Fiscal year 2020 budget ordinances introduced at City Council

Ald.+Eleanor+Revelle+%287th%29.+City+Council+introduced+a+slew+of+ordinances+as+the+city+prepares+to+pass+its+2020+budget.

Joshua Irvine/Daily Senior Staffer

Ald. Eleanor Revelle (7th). City Council introduced a slew of ordinances as the city prepares to pass its 2020 budget.

Joshua Irvine, Reporter

Aldermen introduced a host of ordinances Monday in a push to finalize the city’s 2020 budget before the end of the year.

With only two City Council sessions remaining, aldermen moved to introduce several tax levies as well as an overall approval of the budget for fiscal year 2020. The latter ordinance includes several revisions implemented since the budget was first proposed, including reductions on projected parking ticket revenue and the movement of a quarter million dollars to a newly created reparations fund.

Projected expenditures now sit at $321 million, up from $317 million in the original proposal.

Ald. Eleanor Revelle (7th) pushed to suspend a proposed increase of parking rates on Central Street, though it was shot down by council. Revelle had previously voiced concerns with the rate increase and suggested the decision would harm businesses and drive consumers to nearby Wilmette.

Ald. Donald Wilson (4th) said he had heard similar concerns from business owners in his ward, adding that it was unfair for City Council to prioritize certain business districts.

Ald. Cicely Fleming (9th) said she had also heard complaints from residents about the higher rates but balked when interim city manager Erika Storlie said eliminating the increase would cost the city up to $1.9 million.

“That’s big,” Fleming said. “I don’t have a replacement for that.”

A movement to remove the increase failed 7-2, with only Ald. Tom Suffredin (6th) backing Revelle.

Ald. Judy Fiske (1st) criticized the city for “nickel-and-diming” residents and said the council needed to “think holistically” to improve the city’s finances. However, she still voted in favor of the increase.
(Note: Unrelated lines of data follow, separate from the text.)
(* Let $\Gamma$ be a countable group acting on a countably infinite set $X$ preserving a mean $\mu$, and suppose that for every $\gamma\neq1$ the fixed point set of $\gamma$ in $X$ has $\mu$-measure less than $1$. Then $\Gamma$ admits an action on a countably infinite set $K$ preserving a mean $\nu$ on $K$ such that for every $\gamma\ne1$ the fixed point set of $\gamma$ in $K$ has $\nu$-measure $0$.
   Context: A mean on a set $X$ is a finitely additive $\mu:2^X\to[0,1]$ with $\mu(X)=1$; an action preserves $\mu$ if $\mu(\gamma A)=\mu(A)$ for all $\gamma$ and $A$. *)

From Stdlib Require Export Reals.
Open Scope R_scope.

Definition is_group (G : Type) (mul : G -> G -> G) (one : G) (inv : G -> G) : Prop :=
  (forall a b c, mul a (mul b c) = mul (mul a b) c) /\
  (forall a, mul one a = a) /\ (forall a, mul a one = a) /\
  (forall a, mul (inv a) a = one) /\ (forall a, mul a (inv a) = one).

Definition countable (T : Type) : Prop :=
  exists f : T -> nat, forall x y, f x = f y -> x = y.

Definition countably_infinite (T : Type) : Prop :=
  exists f : nat -> T, (forall m n, f m = f n -> m = n) /\ (forall x, exists n, f n = x).

Definition is_action (G X : Type) (mul : G -> G -> G) (one : G)
  (act : G -> X -> X) : Prop :=
  (forall x, act one x = x) /\
  (forall g h x, act (mul g h) x = act g (act h x)).

Definition full_set (X : Type) : X -> Prop := fun _ => True.
Definition set_union {X : Type} (A B : X -> Prop) : X -> Prop := fun x => A x \/ B x.
Definition disjoint {X : Type} (A B : X -> Prop) : Prop := forall x, ~ (A x /\ B x).

Definition is_mean (X : Type) (mu : (X -> Prop) -> R) : Prop :=
  (forall A, 0 <= mu A <= 1) /\
  mu (full_set X) = 1 /\
  (forall A B, disjoint A B -> mu (set_union A B) = mu A + mu B).

Definition image_set {G X : Type} (act : G -> X -> X) (g : G) (A : X -> Prop) : X -> Prop :=
  fun y => exists a, A a /\ y = act g a.

Definition preserves_mean {G X : Type} (act : G -> X -> X) (mu : (X -> Prop) -> R) : Prop :=
  forall g A, mu (image_set act g A) = mu A.

Definition fix_set {G X : Type} (act : G -> X -> X) (g : G) : X -> Prop :=
  fun x => act g x = x.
“Going forward,” Fiske said, “let’s try and look at things from a larger picture.”

A few issues remained unresolved at the close of discussion. The new budget projected revenues from a recently approved measure to begin hosting professional events at Welsh-Ryan Arena, but Ald. Ann Rainey (8th) said the city should establish clear rules for taxing nonprofits like Northwestern. Wilson said the issue should constitute its own ordinance, and no further action was taken.
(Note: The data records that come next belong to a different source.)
Theorem proposition7p2 (Sigma : Type) (T : finType) (A : dkat Sigma T) :
  inhabited Sigma ->
  exists k : nat, 0 < k /\
    exists (s : 'I_k -> dkat Sigma T) (tt : free_tests k -> bexp T),
      lang_eq (L A) (L (compose_st s tt (free_aut k))) /\
      (forall p : 'I_k, exists p' : Sigma, lang_eq (L (s p)) (@Lprim Sigma T p')).
Proof.
case=> a0; exists (ntrans A); split; first exact: ntrans_gt0.
exists (free_subst (A:=A) a0), (row_tests (free_next (A:=A))); split.
- apply: lang_eq_trans (L_free_instance A a0) _.
  exact: compose_s_single.
- by move=> p; exists (trans_act a0 (enum_val p)); apply: L_single.
Qed.
(* Let $X$ be a finite set and $k$ an integer with $k\ge 5$ and $|X|-k\ge 7$. Let $\mathcal{F}$ be a clone on $X$ such that either $g^*\in\mathcal{F}$, where $g^*(x_1,x_2,x_3)=x_2$ if $x_2=x_3$ and $g^*(x_1,x_2,x_3)=x_1$ otherwise, or (weaker) for every one-to-one $\bar a^*\in X^3$ there is $g_{\bar a^*}\in\mathcal{F}$ with $g_{\bar a^*}(\bar a^* )=a^*_1$ and $g_{\bar a^*}(\bar a)=g^*(\bar a)$ for every $\bar a\in X^3$ with a repetition. Let $\mathfrak{C}$ be a nonempty symmetric family of choice functions for $\binom{X}{k}$ closed under every $f\in\mathcal{F}$. Then $\mathfrak{C}$ is full.
   Context: A clone on $X$: set of finitary operations on $X$ containing all projections and closed under composition. $\binom{X}{k}=\{Y\subseteq X:|Y|=k\}$; a choice function $c$ satisfies $c(Y)\in Y$. Symmetric: for every permutation $\pi$ of $X$ and $c\in\mathfrak{C}$, $(\pi*c)(Y)=\pi^{-1}(c(\pi(Y)))$ is in $\mathfrak{C}$. Closed under $f$ ($n$-place): for $c_1,\dots,c_n\in\mathfrak{C}$, $Y\mapsto f(c_1(Y),\dots,c_n(Y))$ is in $\mathfrak{C}$. Full: every choice function for $\binom{X}{k}$ is in $\mathfrak{C}$. *)

From mathcomp Require Import all_boot all_fingroup.
Set Implicit Arguments. Unset Strict Implicit. Unset Printing Implicit Defensive.

Definition op (X : finType) (n : nat) := {ffun 'I_n -> X} -> X.

(* A clone: a family of sets of finitary operations, containing all projections,
   closed under composition, and (since it is a *set* of functions) closed under
   extensional equality. *)
Definition is_clone (X : finType) (F : forall n, op X n -> Prop) : Prop :=
  [/\ (forall n f g, F n f -> (forall a, f a = g a) -> F n g),
      (forall n (i : 'I_n), F n (fun a => a i)) &
      (forall n m (f : op X n) (gs : 'I_n -> op X m),
          F n f -> (forall i, F m (gs i)) ->
          F m (fun a => f [ffun i => gs i a]))].

Definition kset (X : finType) (k : nat) := {Y : {set X} | #|Y| == k}.

Definition choice_fun (X : finType) (k : nat) (c : {ffun kset X k -> X}) : Prop :=
  forall Y : kset X k, c Y \in val Y.

Lemma kset_perm_card (X : finType) (k : nat) (p : {perm X}) (Y : kset X k) :
  #|p @: val Y| == k.
Proof. rewrite card_imset; [exact: (valP Y) | exact: perm_inj]. Qed.

Definition kset_perm (X : finType) (k : nat) (p : {perm X}) (Y : kset X k) : kset X k :=
  exist _ (p @: val Y) (kset_perm_card p Y).

Definition perm_act (X : finType) (k : nat) (p : {perm X}) (c : {ffun kset X k -> X})
  : {ffun kset X k -> X} := [ffun Y => (p^-1)%g (c (kset_perm p Y))].

Definition symmetric_family (X : finType) (k : nat) (C : {ffun kset X k -> X} -> Prop) :=
  forall (p : {perm X}) c, C c -> C (perm_act p c).

Definition closed_under (X : finType) (k n : nat) (C : {ffun kset X k -> X} -> Prop)
  (f : op X n) : Prop :=
  forall cs : 'I_n -> {ffun kset X k -> X}, (forall i, C (cs i)) ->
    C [ffun Y => f [ffun i => cs i Y]].

Definition full (X : finType) (k : nat) (C : {ffun kset X k -> X} -> Prop) :=
  forall c, choice_fun c -> C c.

Definition tup3 (X : finType) (x1 x2 x3 : X) : {ffun 'I_3 -> X} :=
  [ffun i : 'I_3 => match val i with 0 => x1 | 1 => x2 | _ => x3 end].

Definition gstar (X : finType) : op X 3 :=
  fun a => if a (inord 1) == a (inord 2) then a (inord 1) else a (inord 0).

From mathcomp Require Import all_boot all_fingroup.
From mathcomp Require Import zify.
Set Implicit Arguments. Unset Strict Implicit. Unset Printing Implicit Defensive.

(* Call a pair of values (y1, y2) realizable at the k-sets (Z1, Z2) if some
   member of C takes the value y1 at Z1 and y2 at Z2.  On non-injective triples
   g* is a majority operation, so by the Baker-Pixley argument a choice function
   belongs to C as soon as all its pairs of values are realizable.  Since C is
   symmetric, realizability of (y1, y2) depends only on |Z1 :&: Z2| and on which
   of y1, y2 lie in Z1 :&: Z2, which leaves five types of pairs.  Applying g* to
   three realizable pairs whose first (or second) coordinates agree in two places
   yields pairs of other types, and the values of a single member of C at
   well-chosen k-sets provide the starting pairs; a case analysis on
   |Z1 :&: Z2| then shows that all five types are realizable.  Each application
   of g* needs it to be exact at one injective triple only, which is why the
   weaker hypothesis on the operations g_a suffices. *)

(** * The operation g* on triples *)

Definition gstar3 (X : eqType) (x y z : X) := if y == z then y else x.

Lemma gstar3_maj (X : eqType) (v x : X) :
  [/\ gstar3 v v x = v, gstar3 v x v = v & gstar3 x v v = v].
Proof. by rewrite /gstar3 eqxx; split => //; case: eqP. Qed.

Lemma gstar3_majority (X : eqType) (x y z v : X) :
  1 < (x == v) + (y == v) + (z == v) -> ~~ uniq [:: x; y; z] /\ gstar3 x y z = v.
Proof.
case: (x =P v) (y =P v) (z =P v) => [->|_] [->|_] [->|_] //= _;
  by split; rewrite ?inE ?eqxx ?orbT ?andbF //= /gstar3 ?eqxx //; case: eqP => [->|_].
Qed.

Lemma tup3E (X : finType) (x y z : X) :
  [/\ tup3 x y z (inord 0) = x, tup3 x y z (inord 1) = y & tup3 x y z (inord 2) = z].
Proof. by rewrite !ffunE /= !inordK. Qed.

Lemma tup3_eta (X : finType) (a : {ffun 'I_3 -> X}) :
  a = tup3 (a (inord 0)) (a (inord 1)) (a (inord 2)).
Proof.
apply/ffunP => -[[|[|[|//]]] i]; rewrite ffunE; congr (a _).
all: by apply: val_inj; rewrite /= inordK.
Qed.

Lemma gstar_tup3 (X : finType) (x y z : X) : gstar (tup3 x y z) = gstar3 x y z.
Proof. by rewrite /gstar; case: (tup3E x y z) => -> -> ->. Qed.

Lemma injectiveb_tup3 (X : finType) (x y z : X) :
  injectiveb (tup3 x y z) = uniq [:: x; y; z].
Proof.
rewrite /injectiveb /dinjectiveb /image_mem.
pose h n := match n with 0 => x | 1 => y | _ => z end.
rewrite (eq_map (_ : tup3 x y z =1 h \o val)); last by move=> i; rewrite ffunE.
by rewrite map_comp (val_enum_ord 3).
Qed.

Lemma gstar_interpolation (X : finType) (F : forall n, op X n -> Prop) :
  2 < #|X| ->
  (F 3 (@gstar X) \/
   (forall a1 a2 a3 : X, a1 != a2 -> a1 != a3 -> a2 != a3 ->
      exists g : op X 3, F 3 g /\ g (tup3 a1 a2 a3) = a1 /\
        (forall a : {ffun 'I_3 -> X}, ~~ injectiveb a -> g a = gstar a))) ->
  forall a0 : {ffun 'I_3 -> X}, exists2 m : op X 3, F 3 m &
    forall a, a = a0 \/ ~~ injectiveb a -> m a = gstar a.
Proof.
move=> X_gt2 [F_gstar a0 | F_weak]; first by exists (@gstar X).
have interp_inj (a0 : {ffun 'I_3 -> X}) : injectiveb a0 -> exists2 m : op X 3, F 3 m &
    forall a, a = a0 \/ ~~ injectiveb a -> m a = gstar a.
  rewrite (tup3_eta a0) injectiveb_tup3 /= !inE !negb_or => /and3P[/andP[a12 a13] a23 _].
  have [g [Fg [ga0 g_ninj]]] := F_weak _ _ _ a12 a13 a23.
  exists g => // a [->|]; last exact: g_ninj.
  by rewrite ga0 gstar_tup3 /gstar3 (negbTE a23).
move=> a0; have [/interp_inj//|a0_ninj] := boolP (injectiveb a0).
have [x [y [z [_ [xy yz zx]]]]] := card_gt2P X_gt2.
have [|m Fm m_ninj] := interp_inj (tup3 x y z).
  by rewrite injectiveb_tup3 /= !inE negb_or xy yz eq_sym zx.
by exists m => // a [->|a_ninj]; apply: m_ninj; right.
Qed.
A final version of the vacant property tax discussed on Nov. 11 was still missing. Community development director Johanna Leonard said at that meeting that city staff were still examining revenue projections based on suggestions by Wilson.

On Monday, Ald. Robin Rue Simmons (5th) and Rainey scored a victory with the allocation of a projected $250,000 from the city’s recreational cannabis tax toward reparations for black residents. The cannabis tax will go into effect July 1, Storlie said. The aldermen encouraged residents to donate to the fund, to which the city has pledged $10 million.

“All amounts are accepted – including $10 million,” Rue Simmons said.

A slew of ordinances implementing property tax levies and tax abatements were introduced without discussion. Aldermen must vote on the budget, levies and abatements before the end of the year.